#### About this exercise
Read the lines below, and copy any that contain the string "Implicit".

#### Material supplied
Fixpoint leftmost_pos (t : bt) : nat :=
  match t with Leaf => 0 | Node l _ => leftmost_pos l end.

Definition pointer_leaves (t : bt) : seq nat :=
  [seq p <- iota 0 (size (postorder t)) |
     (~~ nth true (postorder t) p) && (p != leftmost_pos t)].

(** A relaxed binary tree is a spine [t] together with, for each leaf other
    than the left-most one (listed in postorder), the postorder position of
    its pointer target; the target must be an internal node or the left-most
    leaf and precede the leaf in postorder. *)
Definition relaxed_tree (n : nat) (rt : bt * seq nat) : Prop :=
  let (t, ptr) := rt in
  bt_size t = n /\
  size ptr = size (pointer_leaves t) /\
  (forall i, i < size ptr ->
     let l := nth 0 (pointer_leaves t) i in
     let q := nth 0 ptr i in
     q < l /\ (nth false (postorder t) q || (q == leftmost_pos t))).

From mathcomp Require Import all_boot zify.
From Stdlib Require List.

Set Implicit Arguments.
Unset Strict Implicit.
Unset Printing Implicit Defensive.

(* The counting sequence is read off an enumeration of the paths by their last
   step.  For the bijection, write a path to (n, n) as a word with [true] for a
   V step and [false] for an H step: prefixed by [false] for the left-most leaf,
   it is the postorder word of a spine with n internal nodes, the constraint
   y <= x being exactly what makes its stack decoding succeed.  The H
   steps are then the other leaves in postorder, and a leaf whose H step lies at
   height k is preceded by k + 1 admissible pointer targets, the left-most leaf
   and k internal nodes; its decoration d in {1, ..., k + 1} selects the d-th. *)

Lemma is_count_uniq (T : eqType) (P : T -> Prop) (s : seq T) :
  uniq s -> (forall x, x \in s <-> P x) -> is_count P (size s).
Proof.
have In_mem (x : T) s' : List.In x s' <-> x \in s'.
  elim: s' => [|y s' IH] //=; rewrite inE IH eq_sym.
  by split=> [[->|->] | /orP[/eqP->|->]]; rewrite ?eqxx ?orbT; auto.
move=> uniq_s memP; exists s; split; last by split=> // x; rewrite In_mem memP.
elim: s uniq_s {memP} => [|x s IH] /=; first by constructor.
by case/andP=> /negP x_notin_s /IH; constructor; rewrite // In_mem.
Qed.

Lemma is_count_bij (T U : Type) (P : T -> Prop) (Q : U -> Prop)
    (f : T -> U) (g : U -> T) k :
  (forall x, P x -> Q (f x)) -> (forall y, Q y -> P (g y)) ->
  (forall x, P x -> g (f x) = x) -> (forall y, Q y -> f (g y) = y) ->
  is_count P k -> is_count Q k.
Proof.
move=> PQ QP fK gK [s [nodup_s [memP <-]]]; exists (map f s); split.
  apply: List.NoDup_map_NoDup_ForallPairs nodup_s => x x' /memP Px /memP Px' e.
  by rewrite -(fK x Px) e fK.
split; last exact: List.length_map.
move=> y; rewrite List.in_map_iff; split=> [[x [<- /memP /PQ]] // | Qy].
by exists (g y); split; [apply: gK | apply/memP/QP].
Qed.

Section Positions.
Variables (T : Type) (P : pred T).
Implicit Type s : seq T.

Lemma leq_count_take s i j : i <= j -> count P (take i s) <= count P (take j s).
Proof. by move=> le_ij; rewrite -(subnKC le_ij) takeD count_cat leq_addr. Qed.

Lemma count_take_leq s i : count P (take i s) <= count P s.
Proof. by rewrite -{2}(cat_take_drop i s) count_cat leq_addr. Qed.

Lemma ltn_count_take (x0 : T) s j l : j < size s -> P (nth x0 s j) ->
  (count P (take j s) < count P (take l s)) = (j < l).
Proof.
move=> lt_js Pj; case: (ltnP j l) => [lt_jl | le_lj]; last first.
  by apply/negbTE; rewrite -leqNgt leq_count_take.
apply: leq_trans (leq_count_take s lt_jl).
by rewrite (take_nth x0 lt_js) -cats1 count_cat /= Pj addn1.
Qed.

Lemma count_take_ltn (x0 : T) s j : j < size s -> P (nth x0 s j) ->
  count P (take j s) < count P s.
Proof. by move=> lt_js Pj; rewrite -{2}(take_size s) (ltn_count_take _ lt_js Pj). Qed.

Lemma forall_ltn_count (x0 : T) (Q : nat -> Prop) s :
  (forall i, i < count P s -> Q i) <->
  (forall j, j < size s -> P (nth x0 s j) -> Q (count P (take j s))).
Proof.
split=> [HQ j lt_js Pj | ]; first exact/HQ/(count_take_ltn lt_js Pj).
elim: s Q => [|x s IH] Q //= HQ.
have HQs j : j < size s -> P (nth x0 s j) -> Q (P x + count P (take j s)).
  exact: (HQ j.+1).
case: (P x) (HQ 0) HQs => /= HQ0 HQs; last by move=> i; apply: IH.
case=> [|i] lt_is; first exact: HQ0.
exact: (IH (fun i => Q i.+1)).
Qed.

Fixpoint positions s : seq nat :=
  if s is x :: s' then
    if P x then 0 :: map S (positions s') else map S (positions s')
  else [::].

---

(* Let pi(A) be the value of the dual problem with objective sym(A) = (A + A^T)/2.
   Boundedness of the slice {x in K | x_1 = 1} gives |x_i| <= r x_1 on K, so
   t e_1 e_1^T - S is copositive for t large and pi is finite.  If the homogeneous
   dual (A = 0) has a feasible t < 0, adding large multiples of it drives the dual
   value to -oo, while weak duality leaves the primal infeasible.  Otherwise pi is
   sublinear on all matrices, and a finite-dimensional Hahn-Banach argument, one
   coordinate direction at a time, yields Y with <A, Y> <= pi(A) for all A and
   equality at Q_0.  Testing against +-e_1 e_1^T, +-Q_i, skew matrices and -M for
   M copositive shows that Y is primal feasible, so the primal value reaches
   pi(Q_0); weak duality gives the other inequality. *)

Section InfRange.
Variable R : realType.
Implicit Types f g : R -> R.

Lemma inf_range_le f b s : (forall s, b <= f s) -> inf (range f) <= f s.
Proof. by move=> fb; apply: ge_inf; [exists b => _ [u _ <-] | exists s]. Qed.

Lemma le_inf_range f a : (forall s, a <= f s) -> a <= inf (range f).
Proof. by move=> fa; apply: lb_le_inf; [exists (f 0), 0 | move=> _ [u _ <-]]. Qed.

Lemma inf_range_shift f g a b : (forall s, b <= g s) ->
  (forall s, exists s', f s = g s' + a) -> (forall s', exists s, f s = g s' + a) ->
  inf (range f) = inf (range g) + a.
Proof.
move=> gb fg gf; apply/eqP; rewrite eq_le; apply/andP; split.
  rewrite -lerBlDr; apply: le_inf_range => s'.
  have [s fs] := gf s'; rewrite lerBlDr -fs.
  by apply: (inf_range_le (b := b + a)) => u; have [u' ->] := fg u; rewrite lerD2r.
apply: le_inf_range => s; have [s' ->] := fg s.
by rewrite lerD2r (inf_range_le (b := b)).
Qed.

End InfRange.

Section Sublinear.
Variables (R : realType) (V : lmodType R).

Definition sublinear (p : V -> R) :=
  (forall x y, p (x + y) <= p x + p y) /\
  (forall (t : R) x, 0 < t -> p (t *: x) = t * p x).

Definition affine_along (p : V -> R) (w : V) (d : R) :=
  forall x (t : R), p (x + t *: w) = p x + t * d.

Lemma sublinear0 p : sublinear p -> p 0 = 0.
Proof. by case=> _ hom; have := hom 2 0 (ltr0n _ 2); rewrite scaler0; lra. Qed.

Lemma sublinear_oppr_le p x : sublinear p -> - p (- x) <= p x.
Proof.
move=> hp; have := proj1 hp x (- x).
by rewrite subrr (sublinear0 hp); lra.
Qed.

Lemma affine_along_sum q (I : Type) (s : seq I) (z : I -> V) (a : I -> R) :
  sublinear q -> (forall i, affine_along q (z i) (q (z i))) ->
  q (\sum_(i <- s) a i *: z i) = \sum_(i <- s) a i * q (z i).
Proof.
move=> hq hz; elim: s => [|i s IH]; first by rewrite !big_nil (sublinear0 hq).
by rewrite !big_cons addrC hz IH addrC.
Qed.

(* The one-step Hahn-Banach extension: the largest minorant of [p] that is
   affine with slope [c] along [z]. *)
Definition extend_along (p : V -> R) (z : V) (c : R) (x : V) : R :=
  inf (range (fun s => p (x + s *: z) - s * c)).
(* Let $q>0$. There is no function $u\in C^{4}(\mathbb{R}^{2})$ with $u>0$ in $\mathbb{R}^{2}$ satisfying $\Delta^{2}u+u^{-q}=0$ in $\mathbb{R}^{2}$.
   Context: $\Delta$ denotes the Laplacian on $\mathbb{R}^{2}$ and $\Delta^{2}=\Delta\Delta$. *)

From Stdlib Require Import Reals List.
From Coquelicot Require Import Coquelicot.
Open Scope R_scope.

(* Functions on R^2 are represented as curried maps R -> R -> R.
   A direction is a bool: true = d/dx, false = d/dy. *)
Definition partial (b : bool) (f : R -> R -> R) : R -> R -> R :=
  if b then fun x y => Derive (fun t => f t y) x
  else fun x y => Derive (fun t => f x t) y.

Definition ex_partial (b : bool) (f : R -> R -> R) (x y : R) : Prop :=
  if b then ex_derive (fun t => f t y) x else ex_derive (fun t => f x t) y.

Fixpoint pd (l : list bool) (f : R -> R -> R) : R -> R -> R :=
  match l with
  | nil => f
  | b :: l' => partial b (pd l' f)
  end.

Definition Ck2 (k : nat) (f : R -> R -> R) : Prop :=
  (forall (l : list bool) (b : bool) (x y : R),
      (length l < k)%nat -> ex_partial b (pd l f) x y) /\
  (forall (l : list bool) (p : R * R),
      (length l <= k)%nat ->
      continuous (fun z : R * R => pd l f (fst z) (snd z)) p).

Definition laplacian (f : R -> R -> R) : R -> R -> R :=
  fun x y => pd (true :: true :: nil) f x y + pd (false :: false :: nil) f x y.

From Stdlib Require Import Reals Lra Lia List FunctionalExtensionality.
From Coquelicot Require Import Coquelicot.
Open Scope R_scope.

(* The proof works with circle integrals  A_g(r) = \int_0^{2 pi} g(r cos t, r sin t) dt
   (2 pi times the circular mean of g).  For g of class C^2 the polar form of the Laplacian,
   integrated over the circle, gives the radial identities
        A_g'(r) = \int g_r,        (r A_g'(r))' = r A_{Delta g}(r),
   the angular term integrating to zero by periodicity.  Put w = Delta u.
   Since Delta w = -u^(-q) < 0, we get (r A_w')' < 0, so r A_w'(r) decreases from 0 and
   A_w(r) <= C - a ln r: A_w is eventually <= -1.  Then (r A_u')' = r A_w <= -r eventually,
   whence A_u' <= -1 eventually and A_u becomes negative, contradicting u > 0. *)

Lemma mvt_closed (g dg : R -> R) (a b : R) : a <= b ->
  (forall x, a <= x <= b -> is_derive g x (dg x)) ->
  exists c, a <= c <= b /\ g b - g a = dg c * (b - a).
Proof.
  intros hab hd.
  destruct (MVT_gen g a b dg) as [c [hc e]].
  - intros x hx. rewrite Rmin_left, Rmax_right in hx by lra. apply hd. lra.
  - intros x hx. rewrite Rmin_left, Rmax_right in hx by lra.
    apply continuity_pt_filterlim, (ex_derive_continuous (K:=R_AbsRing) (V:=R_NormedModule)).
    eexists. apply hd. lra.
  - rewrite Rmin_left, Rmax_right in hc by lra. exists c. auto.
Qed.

#### Answer to this problem
Set Implicit Arguments.
Unset Strict Implicit.
Unset Printing Implicit Defensive.
Implicit Type s : seq T.
Implicit Types f g : R -> R.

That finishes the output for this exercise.